You could add a solar water heater into your system. If it never freezes in your climate, the simplest would be a solar pre-heater plumbed in front of the Takagi Jr with a tempering valve after the heater. If it does freeze in your climate, then you'd need to add a tank with a drainback solar system and use the Takagi Jr as a backup.

You could also use a large water tank with your Takagi Jr, as discussed in the unit's manual. Basically I believe you take an electric water heater, remove the heating elements, and use the thermostat to run a pump to recirculate water through the Takagi Jr when heat is required. You end up with something less efficient than a tankless water heater, because you have standby losses on the tank, but it should be more efficient than a standard gas water heater, as there is no chimney in the middle of your tank.

Cheers, Wayne

Reply to
Wayne Whitney

With those specs I can see your right on the edge. 41F +77F rise = 118F which is just beginning to feel too hot for most people. Still not anywhere really hot scalding water and may need to shower with little or no cold water mixing.

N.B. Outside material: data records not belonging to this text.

Lemma Bset_block {R : realType} {t : nat -> R} (m : nat) {q : rat} :
  block_fun t -> (m%:R : R) <= ratr q < (m.+1%:R : R) -> `[< Bset t q >] = (ratr q < t m).
Proof.
move=> t_block /andP[m_q q_m]; apply/asboolP/idP => [[m' _ [m'_q q_t]]|q_t]; last by exists m.
have [t0|/andP[m'_t t_m']] := t_block m'.
  by move: (le_lt_trans m'_q q_t); rewrite t0 ltNge ler0n.
have m_m' : (m < m'.+1)%N by rewrite -(ltr_nat R) (le_lt_trans m_q (lt_trans q_t t_m')).
have m'_m : (m' < m.+1)%N by rewrite -(ltr_nat R) (le_lt_trans m'_q q_m).
by have -> : m = m' by lia.
Qed.

(* The pair sum <λ^k, B> is the limit of its (monotone, bounded) partial sums. *)
Lemma pair_sum_cvg {R : realType} (Q : nat -> rat) (k : nat) (B : set rat) :
  cvgn (fun n => \sum_(0 <= i < n | `[< B (Q i) >]) lam R k i).
Proof.
apply: cvgP; apply: nondecreasing_cvgn.
  move=> n m nm /=; rewrite (big_cat_nat (leq0n n) nm) //= lerDl.
  by apply: sumr_ge0 => i _; exact: lam_ge0.
exists (2 * lam R k 0) => _ [n _ <-]; apply: le_trans (lam_tail R k 0 n).
by rewrite [leLHS]big_mkcond /= ler_sum // => i _; case: ifP => // _; exact: lam_ge0.
Qed.

Lemma common_denom_int (F : archiFieldType) (s : seq rat) (x : rat) : x \in s ->
  ((\prod_(y <- s) denq y)%:~R : F) * ratr x \is a Num.int.
Proof.
move=> x_s; rewrite (big_rem x x_s) /= rmorphM /= mulrAC.
have -> : ((denq x)%:~R : F) * ratr x = (numq x)%:~R.
  by rewrite -[in RHS](rmorph_int (@ratr F)) numqE rmorphM /= rmorph_int mulrC.
by rewrite -rmorphM /= intr_int.
Qed.

Section Digits.
Variables (R : realType) (Q : nat -> rat) (k : nat).
Variables (T : eqType) (ys : seq T) (t : T -> nat -> R) (c : T -> rat).

Definition digit (j : nat) : R :=
  \sum_(y <- ys) ratr (c y) * (`[< Bset (t y) (Q j) >])%:R.

Definition isolated_often (y0 : T) : Prop :=
  forall M, exists m, [/\ (M <= m)%N, t y0 m != 0 &
                          forall y, y \in ys -> y != y0 -> t y m != t y0 m].

Lemma digit_series :
  \sum_(0 <= i < n) digit i * lam R k i @[n --> \oo] -->
  \sum_(y <- ys) ratr (c y) * pair_sum Q (lam R k) (Bset (t y)).
Proof.
have -> : (fun n => \sum_(0 <= i < n) digit i * lam R k i) = (fun n =>
    \sum_(y <- ys) ratr (c y) * \sum_(0 <= i < n | `[< Bset (t y) (Q i) >]) lam R k i).
  apply/funext => n; under eq_bigr do rewrite mulr_suml.
  rewrite exchange_big /=; apply: eq_bigr => y _.
  rewrite mulr_sumr [in RHS]big_mkcond /=; apply: eq_bigr => i _.
  by case: asboolP => _; rewrite ?mulr1 ?mulr0 ?mul0r.
apply: (@cvg_big _ _ +%R 0 xpredT add_continuous) => y _.
by apply: cvgM; [exact: cvg_cst | exact: pair_sum_cvg].
Qed.

Lemma digit_bounded j : `|digit j| <= \sum_(y <- ys) `|ratr (c y) : R|.
Proof.
apply: le_trans (ler_norm_sum _ _ _) _; apply: ler_sum => y _; rewrite normrM.
by case: (`[< _ >]); rewrite ?normr1 ?mulr1 ?normr0 ?mulr0.
Qed.

Lemma digit_int (D : R) : (forall y, y \in ys -> D * ratr (c y) \is a Num.int) ->
  forall j, D * digit j \is a Num.int.
Proof.
move=> Dc_int j; rewrite mulr_sumr big_seq rpred_sum // => y y_ys.
by rewrite mulrA rpredM ?Dc_int // intr_nat // natr_nat.
Qed.

Lemma digit_jump (y0 : T) (m i1 i2 : nat) :
  uniq ys -> y0 \in ys -> (forall y, y \in ys -> block_fun (t y)) ->
  (m%:R : R) <= ratr (Q i1) < (m.+1%:R : R) -> (m%:R : R) <= ratr (Q i2) < (m.+1%:R : R) ->
  ratr (Q i1) < t y0 m <= ratr (Q i2) ->
  (forall y, y \in ys -> y != y0 -> (ratr (Q i1) < t y m) = (ratr (Q i2) < t y m)) ->
  digit i1 - digit i2 = ratr (c y0).
Proof.
move=> uniq_ys y0_ys blocks Qi1_m Qi2_m /andP[below above] unseparated.
have indicator y i : y \in ys -> (m%:R : R) <= ratr (Q i) < (m.+1%:R : R) ->
    `[< Bset (t y) (Q i) >] = (ratr (Q i) < t y m).
  by move=> y_ys /(Bset_block m (blocks y y_ys)).
rewrite /digit -sumrB (bigD1_seq y0) //= big1_seq => [|y /andP[y_y0 y_ys]].
  by rewrite addr0 -mulrBr !indicator // below ltNge above subr0 mulr1.
by rewrite -mulrBr !indicator // unseparated // subrr mulr0.
Qed.

(* A nonzero coefficient of an infinitely often isolated member produces nonzero
   digits arbitrarily far out: Q enumerates the rationals of the blocks. *)
Lemma digit_often_nonzero (y0 : T) :
  (forall q : rat, 0 <= q -> exists i, Q i = q) -> uniq ys -> y0 \in ys ->
  (forall y, y \in ys -> block_fun (t y)) -> isolated_often y0 -> c y0 != 0 ->
  forall N, exists2 j, (N <= j)%N & digit j != 0.
Proof.
move=> Q_onto uniq_ys y0_ys blocks isolated cy0_nz N.
have [m0 early_small] := finite_bounded (fun i => ratr (Q i) : R) N.
have [m [m0_m ty0_nz ty0_alone]] := isolated m0.
have [ty0_0|ty0_in] := blocks y0 y0_ys m; first by rewrite ty0_0 eqxx in ty0_nz.
have /andP[m_tau tau_m] := ty0_in.
have tau_alone : t y0 m \notin [seq t y m | y <- ys & y != y0].
  apply/mapP => -[y]; rewrite mem_filter => /andP[y_y0 y_ys] /esym/eqP.
  by rewrite (negbTE (ty0_alone y y_ys y_y0)).
have [q1 [q2 [/andP[m_q1 q1_tau] /andP[tau_q2 q2_m] unseparated]]] :=
  separating_rationals ty0_in tau_alone.
have m_q2 : (m%:R : R) <= ratr q2 by rewrite ltW // (lt_trans m_tau).
have [i1 Qi1] : exists i1, Q i1 = q1.
  by apply: Q_onto; rewrite -(ler0q R) (le_trans _ m_q1).
have [i2 Qi2] : exists i2, Q i2 = q2.
  by apply: Q_onto; rewrite -(ler0q R) (le_trans _ m_q2).
have late i : (m%:R : R) <= ratr (Q i) -> (N <= i)%N.
  move=> m_Qi; rewrite leqNgt; apply/negP => /early_small.
  by rewrite ltNge (le_trans _ m_Qi) // ler_nat.
have jump : digit i1 - digit i2 = ratr (c y0).
  apply: (digit_jump _ m) => //; rewrite ?Qi1 ?Qi2.
  - by rewrite m_q1 (lt_trans q1_tau).
  - by rewrite m_q2.
  - by rewrite q1_tau ltW.
  - move=> y y_ys y_y0; apply: unseparated; apply/mapP; exists y => //.
    by rewrite mem_filter y_y0.
have [d1_0|d1_nz] := eqVneq (digit i1) 0; last by exists i1; rewrite // late ?Qi1.
exists i2; first by rewrite late ?Qi2.
apply: contra_neq cy0_nz => d2_0.
have : ratr (c y0) = 0 :> R by rewrite -jump d1_0 d2_0 subrr.
by move/eqP; rewrite fmorph_eq0 => /eqP.
Qed.
(* Consider the CT–DT interconnected system described in the context, and let Assumptions (A1), (A2), (A3) hold with respect to the norms $\|\cdot\|_{\mathcal X}$ and $\|\cdot\|_{\mathcal Z}$. Suppose that $$-\mathsf{osLip}_x(f)\,\big(1-\mathsf{Lip}_z(\mathsf G)\big) > \mathsf{Lip}_z(f)\,\mathsf{Lip}_x(\mathsf G).$$ Then for every $n\in\mathbb Z_{>0}$ and every $T>0$ there exists a vector $\eta=(\eta_1,\eta_2)\in\mathbb R^2_{>0}$ such that, with the composite norm $\|(x,z)\|_{\mathsf{cmp}}:=\big\|(\|x\|_{\mathcal X},\|z\|_{\mathcal Z})\big\|_{2,[\eta]}$ on $\mathbb R^{n_x+n_z}$, where $\|(v_1,v_2)\|_{2,[\eta]}:=\sqrt{\eta_1v_1^2+\eta_2v_2^2}$: (i) the interconnected system is $T$-discrete-time contractive with respect to $\|\cdot\|_{\mathsf{cmp}}$, i.e., there is $b\in(0,1)$ with $\|y(kT)-\bar y(kT)\|_{\mathsf{cmp}}\le b^k\|y(0)-\bar y(0)\|_{\mathsf{cmp}}$ for all $k\in\mathbb Z_{\ge0}$ and all pairs of solutions $y,\bar y$; (ii) the origin is globally exponentially stable for the interconnected system, i.e., there exist $r\ge0$, $a>0$ with $\|y(t)\|_{\mathsf{cmp}}\le r e^{-at}\|y(0)\|_{\mathsf{cmp}}$ for all $t\ge0$ and all solutions $y$.
   Context: Setup. Let $\|\cdot\|_{\mathcal X}$ be a norm on $\mathbb R^{n_x}$ and $\|\cdot\|_{\mathcal Z}$ a norm on $\mathbb R^{n_z}$; $\mathcal X\subseteq\mathbb R^{n_x}$, $\mathcal Z\subseteq\mathbb R^{n_z}$ are convex sets. Let $f:\mathcal X\times\mathcal Z\to\mathbb R^{n_x}$ and $\mathsf G:\mathcal X\times\mathcal Z\to\mathcal Z$ be continuous, and define $\mathsf G^1(x,z)=\mathsf G(x,z)$, $\mathsf G^{m+1}(x,z)=\mathsf G(x,\mathsf G^m(x,z))$. For $T>0$ and $n\in\mathbb Z_{>0}$ the interconnected (sampled-data) system is $\dot x(t)=f(x(t),z(t))$, $z_k=\mathsf G^n(x(kT),z_{k-1})$, $z(t)=z_k$ for $t\in[kT,(k+1)T)$, $k\in\mathbb Z_{\ge0}$, with state $y(t)=(x(t),z(t))$; $\mathcal X\times\mathcal Z$ is assumed forward invariant. It is assumed $f(0,0)=0$ and $\mathsf G(0,0)=0$. Lipschitz notions. $\mathsf{Lip}_z(f):=\sup_x\sup_{z_1\ne z_2}\|f(x,z_1)-f(x,z_2)\|_{\mathcal X}/\|z_1-z_2\|_{\mathcal Z}$; $\mathsf{Lip}_x(f)$, $\mathsf{Lip}_x(\mathsf G)$, $\mathsf{Lip}_z(\mathsf G)$ are defined analogously (sup over the other argument, with the appropriate norms). Let $\llbracket\cdot;\cdot\rrbracket$ be a weak pairing on $\mathbb R^{n_x}$ compatible with $\|\cdot\|_{\mathcal X}$ (in particular $\llbracket x;x\rrbracket=\|x\|_{\mathcal X}^2$, sub-additive in first argument, and $\llbracket x;y\rrbracket\le\|x\|_{\mathcal X}\|y\|_{\mathcal X}$; for the Euclidean norm it is the inner product). The one-sided Lipschitz constant is $\mathsf{osLip}_x(f):=\sup_z\sup_{x_1\ne x_2}\llbracket f(x_1,z)-f(x_2,z);x_1-x_2\rrbracket/\|x_1-x_2\|_{\mathcal X}^2$, and for a map $F:\mathcal X\to\mathbb R^{n_x}$, $\mathsf{osLip}(F):=\sup_{x_1\ne x_2}\llbracket F(x_1)-F(x_2);x_1-x_2\rrbracket/\|x_1-x_2\|_{\mathcal X}^2$. Assumptions. (A1) $x\mapsto f(x,z)$ is Lipschitz uniformly in $z\in\mathcal Z$ ($\mathsf{Lip}_x(f)<\infty$). (A2) $\mathsf{Lip}_z(f)\in(0,\infty)$ and $\mathsf{Lip}_x(\mathsf G)\in(0,\infty)$. (A3) $\mathsf{Lip}_z(\mathsf G)<1$. *)

From HB Require Import structures.
From mathcomp Require Import all_boot all_order all_algebra.
From mathcomp Require Import all_classical all_reals all_analysis.
Set Implicit Arguments. Unset Strict Implicit. Unset Printing Implicit Defensive.
Import Order.TTheory GRing.Theory Num.Theory.
Import numFieldNormedType.Exports.
Local Open Scope classical_set_scope.
Local Open Scope ring_scope.

Definition is_norm (R : realType) (n : nat) (N : 'rV[R]_n -> R) : Prop :=
  [/\ (forall x, 0 <= N x),
      (forall x, N x = 0 -> x = 0),
      (forall (a : R) x, N (a *: x) = `|a| * N x) &
      (forall x y, N (x + y) <= N x + N y)].

Definition is_weak_pairing (R : realType) (n : nat)
    (wp : 'rV[R]_n -> 'rV[R]_n -> R) : Prop :=
  [/\ (forall x1 x2 y, wp (x1 + x2) y <= wp x1 y + wp x2 y)
      /\ (forall y, continuous (fun x : 'rV[R]_n => wp x y)),
      (forall (a : R) x y, 0 <= a ->
          wp (a *: x) y = a * wp x y /\ wp x (a *: y) = a * wp x y),
      (forall x y, wp (- x) (- y) = wp x y),
      (forall x, x != 0 -> 0 < wp x x) &
      (forall x y, `|wp x y| <= Num.sqrt (wp x x) * Num.sqrt (wp y y))].

Definition wp_compatible (R : realType) (n : nat)
    (wp : 'rV[R]_n -> 'rV[R]_n -> R) (N : 'rV[R]_n -> R) : Prop :=
  forall x, wp x x = N x ^+ 2.

Definition Lip_fst (R : realType) (m p q : nat)
    (N1 : 'rV[R]_m -> R) (N2 : 'rV[R]_q -> R)
    (A : set 'rV[R]_m) (B : set 'rV[R]_p)
    (F : 'rV[R]_m -> 'rV[R]_p -> 'rV[R]_q) : \bar R :=
  ereal_sup [set e | exists a1 a2 b, [/\ A a1, A a2, B b, a1 != a2 &
      e = (N2 (F a1 b - F a2 b) / N1 (a1 - a2))%:E]].

Definition Lip_snd (R : realType) (m p q : nat)
    (N1 : 'rV[R]_p -> R) (N2 : 'rV[R]_q -> R)
    (A : set 'rV[R]_m) (B : set 'rV[R]_p)
    (F : 'rV[R]_m -> 'rV[R]_p -> 'rV[R]_q) : \bar R :=
  ereal_sup [set e | exists a b1 b2, [/\ A a, B b1, B b2, b1 != b2 &
      e = (N2 (F a b1 - F a b2) / N1 (b1 - b2))%:E]].

Definition osLip_x (R : realType) (nx nz : nat)
    (wp : 'rV[R]_nx -> 'rV[R]_nx -> R) (N : 'rV[R]_nx -> R)
    (X : set 'rV[R]_nx) (Z : set 'rV[R]_nz)
    (f : 'rV[R]_nx -> 'rV[R]_nz -> 'rV[R]_nx) : \bar R :=
  ereal_sup [set e | exists x1 x2 z, [/\ X x1, X x2, Z z, x1 != x2 &
      e = (wp (f x1 z - f x2 z) (x1 - x2) / N (x1 - x2) ^+ 2)%:E]].

Definition samp_index (R : realType) (T t : R) : nat := Num.truncn (t / T).

(* A solution of the sampled-data interconnection
     xdot = f(x, z(t)),  z_k = G^n(x(kT), z_{k-1}),  z(t) = z_k on [kT,(k+1)T),
   given by the continuous part x : R -> R^nx (considered on t >= 0),
   the initial memory z_{-1} = zm1 and the sequence zd k = z_k. *)
Definition is_solution (R : realType) (nx nz : nat)
    (f : 'rV[R]_nx -> 'rV[R]_nz -> 'rV[R]_nx)
    (G : 'rV[R]_nx -> 'rV[R]_nz -> 'rV[R]_nz) (n : nat) (T : R)
    (x : R -> 'rV[R]_nx) (zm1 : 'rV[R]_nz) (zd : nat -> 'rV[R]_nz) : Prop :=
  [/\ {within [set t : R | 0 <= t], continuous x},
      (forall k : nat, zd k = iter n (G (x (k%:R * T)))
                                 (if k is k'.+1 then zd k' else zm1)) &
      (forall (k : nat) (t : R), k%:R * T < t < k.+1%:R * T ->
          is_derive t (1 : R) x (f (x t) (zd k)))].

Definition z_of (R : realType) (nz : nat) (T : R) (zd : nat -> 'rV[R]_nz)
    (t : R) : 'rV[R]_nz := zd (samp_index T t).

Definition cmp_norm (R : realType) (nx nz : nat)
    (Nx : 'rV[R]_nx -> R) (Nz : 'rV[R]_nz -> R) (eta1 eta2 : R)
    (x : 'rV[R]_nx) (z : 'rV[R]_nz) : R :=
  Num.sqrt (eta1 * Nx x ^+ 2 + eta2 * Nz z ^+ 2).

At 3GPM and most fixtures using 1/2 of that while running, all you need to do is run two fixtures and your sucking cold water with a third. If your living alone, that capacity is sufficient but prewarming the cold water by

10F would give you hotter water for cleaning and showering. I bet it works fine in the summer when the incoming cold is not so cold.

The tank idea above sounds reasonable but alternatively, you could run the cold pipe through a heat exchanger (old baseboard radiator) and steal heat from the room it is in before sending it to the HW heater.

Reply to
PipeDown

Reply to
Mark Schofield

You said flow is to low, meaning gpm that is related to water pressure and the size of the Takagi pipe size, so if I understand to increase flow you need to increase pressure. Now if temp rise is not enough then look at your gas supply size, my 117000 btu Bosch tankless needs 3/4 size pipe over 10 ft, but gas flow needs to be measured with a manometer to be sure. Insuficient gas flow and you will never get 100% out of the unit.

Reply to
m Ransley

Thanks for the all the great ideas...Yes I live in the cold north A heat exchanger sounds like a good cheap alternative. I was even thinking of a spool of very flexible 3/4" IPEX tubing ( if it is cheap enough...)before it enters the WH. I wonder if anyone has tried that?

Thanks again

Reply to
fortuna

While I haven't rtried that, I do know that heat transfer through plastic pipes to air would be less than for metal pipes and the heat transfer would be even greater if the heat exchanger were submerged in warm water. two

3/8" spirals of copper tubing in parrallel might not cost too much.

Where does that warm water come from, perhaps the drain pipe from your washing machine, dishwasher and shower. In other words, your grey water can be used to temper the incoming cold. You would definately not want leaks and would want to have check or antisiphon valves installed to prevent contamination of the cold by the grey water if there were a leak and you turned off the supply.

However, I can see that it might be prohibitively expensive to plumb such a system unless you already seperate the grey and black waste water, you would need to plumb a seperate DVW line for the grey and have it flow to a holding tank near the cold supply inlet. A tall order.

Alternatively, you could build your heat exchanger into a mass of concrete which you build a small greenhouse around (perhaps you already have a sunny location indoors). The solar gain in the concrete would in turn temper the water for hours into the night. Make sure you plumb a bypass for summer or you will have no cold water that time of year.